AWS Redshift is a pioneer when it comes to completely managed data warehouse services. With its ability to scale on-demand, a comprehensive Postgres compatible querying engine, and multitudes of AWS tools to augment the core capabilities, Redshift provides everything a customer needs to use as the sole data warehouse solution. And with these many capabilities, one would expect Redshift pricing would fall too heavy, but it’s not the case.
In fact, all of these features come at reasonable, competitive pricing. However, the process of understanding Redshift pricing is not straightforward. AWS offers a wide variety of pricing options to choose from, depending upon your use case and budget constraints.
In this post, we will explore the different Redshift pricing options available. Additionally, we will also explore some of the best practices that can help you optimize your organization’s data warehousing costs, too.
Table of Contents
- What is Redshift
- Factors that affect Amazon Redshift Pricing
- Effect of Node Type on Redshift Pricing
- Effect of Regions on Redshift Pricing
- On-demand vs Reserved Instance Pricing
- Redshift’s Pricing for Additional Features
- Tools for keeping your Redshift’s Spending Under Control
- Optimizing Redshift ETL Cost
What is Redshift
Amazon Redshift is a fully-managed petabyte-scale cloud-based data warehouse, designed to store large-scale data sets and perform insightful analysis on them in real-time.
It is highly column-oriented & designed to connect with SQL-based clients and business intelligence tools, making data available to users in real-time. Supporting PostgreSQL 8, Redshift delivers exceptional performance and efficient querying. Each Amazon Redshift data warehouse contains a collection of computing resources (nodes) organized in a cluster, each having an engine of its own and a database to it.
For further information on Amazon Redshift, you can check the official site here.
Hevo Data: A Smart Alternative for Redshift ETL
Hevo is fully-managed and completely automates the process of not only exporting data from your desired source but also enriching the data and transforming it into an analysis-ready form without having to write a single line of code. Its fault-tolerant architecture ensures that the data is handled in a secure, consistent manner with zero data loss.
It provides a consistent & reliable solution to manage data in real-time and always have analysis-ready data in your desired destination. It allows you to focus on key business needs and perform insightful analysis using BI tools such as Tableau and many more.Get Started with Hevo for Free
Check out some amazing features of Hevo:
- Completely Managed Platform: Hevo is fully managed. You need not invest time and effort to maintain or monitor the infrastructure involved in executing codes.
- Live Monitoring: Hevo allows you to monitor the data flow and check where your data is at a particular point in time.
- Data Transformation: It provides a simple interface to perfect, modify, and enrich the data you want to export.
- Secure: Hevo has a fault-tolerant architecture that ensures that the data is handled in a secure, consistent manner with zero data loss.
- Schema Management: Hevo takes away the tedious task of schema management & automatically detects schema of incoming data and maps it to the destination schema.
- Minimal Learning: Hevo with its simple and interactive UI, is extremely simple for new customers to work on and perform operations.
Factors that affect Amazon Redshift Pricing
Amazon Redshift Pricing is broadly affected by four factors:
- The node type that the customer chooses to build his cluster.
- The region where the cluster is deployed.
- Billing strategy – on-demand billing or a reserved pricing strategy.
- Use of Redshift Spectrum.
You can learn about these factors in-depth, in the following sections:
- Effect of Node Type on Redshift Pricing
- Effect of Regions on Redshift Pricing
- On-demand vs Reserved Instance Pricing
- Amazon Redshift Spectrum Pricing
Effect of Node Type on Redshift Pricing
Redshift follows a cluster-based architecture with multiple nodes allowing it to massively parallel process data. (You can read more on Redshift architecture here). This means Redshift performance is directly correlated to the specification and number of nodes that form the cluster. It offers multiple kinds of nodes from which the customers can choose based on the computing and storage requirements.

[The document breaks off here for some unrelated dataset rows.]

Lemma yweight_le (C g1 g2 kappa t1 t2 : R) a b :
  `|t1| <= g1 -> `|t2| <= g2 -> 0 <= kappa -> 2 `^ g2 <= C ->
  yweight t1 t2 a <= eweight C g1 g2 kappa a b * yweight t1 t2 b.
Proof.
(* [eweight] is stated with Stdlib's [Rmult], which [ring] does not see through *)
move=> t1g t2g k0 C_ge; rewrite /eweight /yweight !RmultE.
set D := Num.max (zdist a b) 1; set m := Num.min (zbr a) (zbr b).
have zbr_gt0 (c : Zd d) : 0 < zbr c by apply: lt_le_trans (zbr_ge1 c).
have D_ge0 : 0 <= D by rewrite le_max ler01 orbT.
have m1 : 1 <= m by rewrite le_min !zbr_ge1.
have exp_le : expR (t1 * zabs a) <= expR (g1 * zdist a b) * expR (t1 * zabs b).
  rewrite -exp.expRD exp.ler_expR -lerBlDr -mulrBr.
  exact: mulr_le_of_normr_le (zabs_dist_le_zdist a b).
have pow_le : zbr a `^ t2 <= 2 `^ g2 * (D `^ g2 * zbr b `^ t2).
  rewrite mulrA -powRM //; apply: powR_le_comparable => //; first exact: zbr_le_zdist.
  by rewrite /D zdistC; exact: zbr_le_zdist.
apply: le_trans (ler_pM _ _ exp_le pow_le) _; rewrite ?powR_ge0 ?expR_ge0 //.
set P := expR (g1 * zdist a b) * expR (t1 * zabs b) * D `^ g2 * zbr b `^ t2.
have P_ge0 : 0 <= P by rewrite !mulr_ge0 ?expR_ge0 ?powR_ge0.
have kappa_ge : 1 <= m `^ kappa by rewrite -(powRr0 m) ler_powR.
have C_le : 2 `^ g2 <= C * m `^ kappa.
  by rewrite (le_trans C_ge) // ler_peMr // (le_trans (powR_ge0 _ _) C_ge).
rewrite [leLHS](_ : _ = 2 `^ g2 * P); last by rewrite /P; ring.
rewrite [leRHS](_ : _ = C * m `^ kappa * P); last by rewrite /P; ring.
exact: ler_wpM2r.
Qed.

End LatticeWeights.

Lemma eweight_ge0 (C g1 g2 kappa : R) d (a b : Zd d) :
  0 <= C -> 0 <= eweight C g1 g2 kappa a b.
Proof. by move=> C_ge0; rewrite /eweight !RmultE !mulr_ge0 ?expR_ge0 ?powR_ge0. Qed.

Lemma mulmx_yweight_le (C g1 g2 kappa t1 t2 : R) d (a b : Zd d) (M : M2) (v : C2) :
  `|t1| <= g1 -> `|t2| <= g2 -> 0 <= kappa -> 2 `^ g2 <= C ->
  hnorm (M *m v) * yweight t1 t2 a <=
  opnorm M * eweight C g1 g2 kappa a b * (hnorm v * yweight t1 t2 b).
Proof.
move=> t1g t2g k0 C_ge; rewrite mulrACA.
apply: ler_pM; [exact: hnorm_ge0 | exact/ltW/yweight_gt0 | exact: opnorm_le |].
exact: yweight_le.
Qed.

Section MatrixNorm.
Variables (C g1 g2 kappa : R) (d : nat) (L : set (Zd d)) (A : Zd d -> Zd d -> M2).
Hypothesis C_ge0 : 0 <= C.

Let K a b := opnorm (A a b) * eweight C g1 g2 kappa a b.

Let K_ge0 a b : 0 <= K a b.
Proof. by rewrite /K mulr_ge0 ?opnorm_ge0 ?eweight_ge0. Qed.

Let row_le_mnormE a : L a -> (\esum_(b in L) (K a b)%:E <= mnormE C g1 g2 kappa L A)%E.
Proof.
move=> La; rewrite /mnormE le_max; apply/orP; left.
by apply: ereal_sup_ubound; exists a.
Qed.

Let col_le_mnormE b : L b -> (\esum_(a in L) (K a b)%:E <= mnormE C g1 g2 kappa L A)%E.
Proof.
move=> Lb; rewrite /mnormE le_max; apply/orP; right.
by apply: ereal_sup_ubound; exists b.
Qed.

Lemma mnorm_ge0 : 0 <= mnorm C g1 g2 kappa L A.
Proof.
have [[a La]|L0] := pselect (exists a, L a).
  apply: fine_ge0; apply: le_trans (row_le_mnormE La).
  by apply: esum_ge0 => b _; rewrite lee_fin K_ge0.
rewrite /mnorm /mnormE (_ : L = set0) ?image_set0 ?ereal_sup0 ?maxxx //.
by apply/seteqP; split => // x Lx; apply: L0; exists x.
Qed.

Let mnormE_fin a : inM C g1 g2 kappa L A -> L a ->
  mnormE C g1 g2 kappa L A = (mnorm C g1 g2 kappa L A)%:E.
Proof.
move=> hA La; rewrite fineK // ge0_fin_numE //.
by apply: le_trans (row_le_mnormE La); apply: esum_ge0 => b _; rewrite lee_fin K_ge0.
Qed.

Lemma row_le_mnorm : inM C g1 g2 kappa L A -> forall a, L a ->
  (\esum_(b in L) (K a b)%:E <= (mnorm C g1 g2 kappa L A)%:E)%E.
Proof. by move=> hA a La; rewrite -(mnormE_fin hA La) row_le_mnormE. Qed.

Lemma col_le_mnorm : inM C g1 g2 kappa L A -> forall b, L b ->
  (\esum_(a in L) (K a b)%:E <= (mnorm C g1 g2 kappa L A)%:E)%E.
Proof. by move=> hA b Lb; rewrite -(mnormE_fin hA Lb) col_le_mnormE. Qed.

End MatrixNorm.

Section WeightedNorm.
Variables (t1 t2 : R) (d : nat) (L : set (Zd d)).

Lemma ynorm2_yweight (z : Zd d -> C2) :
  ynorm2 t1 t2 L z = \esum_(a in L) ((hnorm (z a) * yweight t1 t2 a) ^+ 2)%:E.
Proof. by apply: eq_esum => a _; rewrite yweight_sqr. Qed.

Lemma inY_ynorm2E (z : Zd d -> C2) :
  inY t1 t2 L z -> ynorm2 t1 t2 L z = (ynorm t1 t2 L z ^+ 2)%:E.
Proof.
move=> hz; have ge0 : (0 <= ynorm2 t1 t2 L z)%E.
  by rewrite ynorm2_yweight; apply: esum_ge0 => a _; rewrite lee_fin sqr_ge0.
by rewrite /ynorm sqr_sqrtr ?fine_ge0 // fineK // ge0_fin_numE.
Qed.

Lemma ynorm_le_of_ynorm2_le (z : Zd d -> C2) (c : R) : 0 <= c ->
  (ynorm2 t1 t2 L z <= (c ^+ 2)%:E)%E -> inY t1 t2 L z /\ ynorm t1 t2 L z <= c.
Proof.
move=> c_ge0 hc; have hz : inY t1 t2 L z by rewrite /inY (le_lt_trans hc) ?ltry.
split => //; move: hc; rewrite inY_ynorm2E // lee_fin ler_sqr // nnegrE.
exact: sqrtr_ge0.
Qed.

End WeightedNorm.

Theorem proposition2p3 :
  forall (g2 kappa : R), 0 <= g2 -> 0 <= kappa ->
  exists C0 : R, 1 <= C0 /\
  forall C : R, C0 <= C ->
  forall (d : nat), leq 1 d ->
  forall (L : set (Zd d)) (g1 tg1 tg2 : R),
    0 <= g1 ->
    - g1 <= tg1 -> tg1 <= g1 ->
    - g2 <= tg2 -> tg2 <= g2 ->
  forall (A : Zd d -> Zd d -> M2) (z : Zd d -> C2),
    inM C g1 g2 kappa L A ->
    inY tg1 tg2 L z ->
    exists w : Zd d -> C2,
      [/\ forall a, L a -> HasSum L (fun b => A a b *m z b) (w a),
          inY tg1 tg2 L w &
          ynorm tg1 tg2 L w <= mnorm C g1 g2 kappa L A * ynorm tg1 tg2 L z].
Proof.
move=> g2 kappa g2_ge0 kappa_ge0; exists (Num.max 1 (2 `^ g2)).
split=> [|C C_ge d _ L g1 t1 t2 _ t1_ge t1_le t2_ge t2_le A z hA hz].
  by rewrite le_max lexx.
have C_ge2 : 2 `^ g2 <= C by rewrite (le_trans _ C_ge) // le_max lexx orbT.
have C_ge0 : 0 <= C := le_trans (powR_ge0 _ _) C_ge2.
have t1g : `|t1| <= g1 by rewrite ler_norml t1_ge t1_le.
have t2g : `|t2| <= g2 by rewrite ler_norml t2_ge t2_le.
have M_ge0 : 0 <= mnorm C g1 g2 kappa L A by exact: mnorm_ge0.
have K_ge0 a b : 0 <= opnorm (A a b) * eweight C g1 g2 kappa a b.
  by rewrite mulr_ge0 ?opnorm_ge0 ?eweight_ge0.
have y_ge0 b : 0 <= hnorm (z b) * yweight t1 t2 b.
  by rewrite mulr_ge0 ?hnorm_ge0 ?ltW ?yweight_gt0.
have [w [Hw w_le]] := schur_test K_ge0 y_ge0 M_ge0 (row_le_mnorm C_ge0 hA)
  (col_le_mnorm C_ge0 hA) (etrans (esym (ynorm2_yweight t1 t2 L z)) (inY_ynorm2E hz))
  (fun a _ => yweight_gt0 t1 t2 a)
  (fun a b _ _ => mulmx_yweight_le a b (A a b) (z b) t1g t2g kappa_ge0 C_ge2).
rewrite -exprMn -ynorm2_yweight in w_le.
have [hw w_norm] := ynorm_le_of_ynorm2_le (mulr_ge0 M_ge0 (sqrtr_ge0 _)) w_le.
by exists w.
Qed.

- Dense compute nodes: These nodes are optimized for computing and offer SSDs up to 2.5 TB and physical memory up to 244 GB. Redshift pricing will also depend on the region in which your cluster will be located. The price of the lowest spec dc2.large instance varies from .25 to .37 $ per hour depending on the region. There is also a higher spec version available which is called dc2.8xlarge which can cost anywhere from 4.8 to 7 $ per hour depending on region.
- Dense storage nodes: These nodes offer higher storage capacity per node, but the storage hardware will be HDDs.Dense storage nodes also allow two versions – a basic version called ds2.large which offers HDDs up to 2 TB and a higher spec version that offers HDDs up to 16 TB per node. Price can vary from .85 to 1.4 $ per hour for the basic version and 6 to 11 $ per hour for the ds2.8xlarge version.
As mentioned in the above sections, Redshift pricing varies on a wide range depending on the node types. One another critical constraint is that your cluster can be formed only using the same type of nodes. So you would need to find the most optimum node type based on specific use cases.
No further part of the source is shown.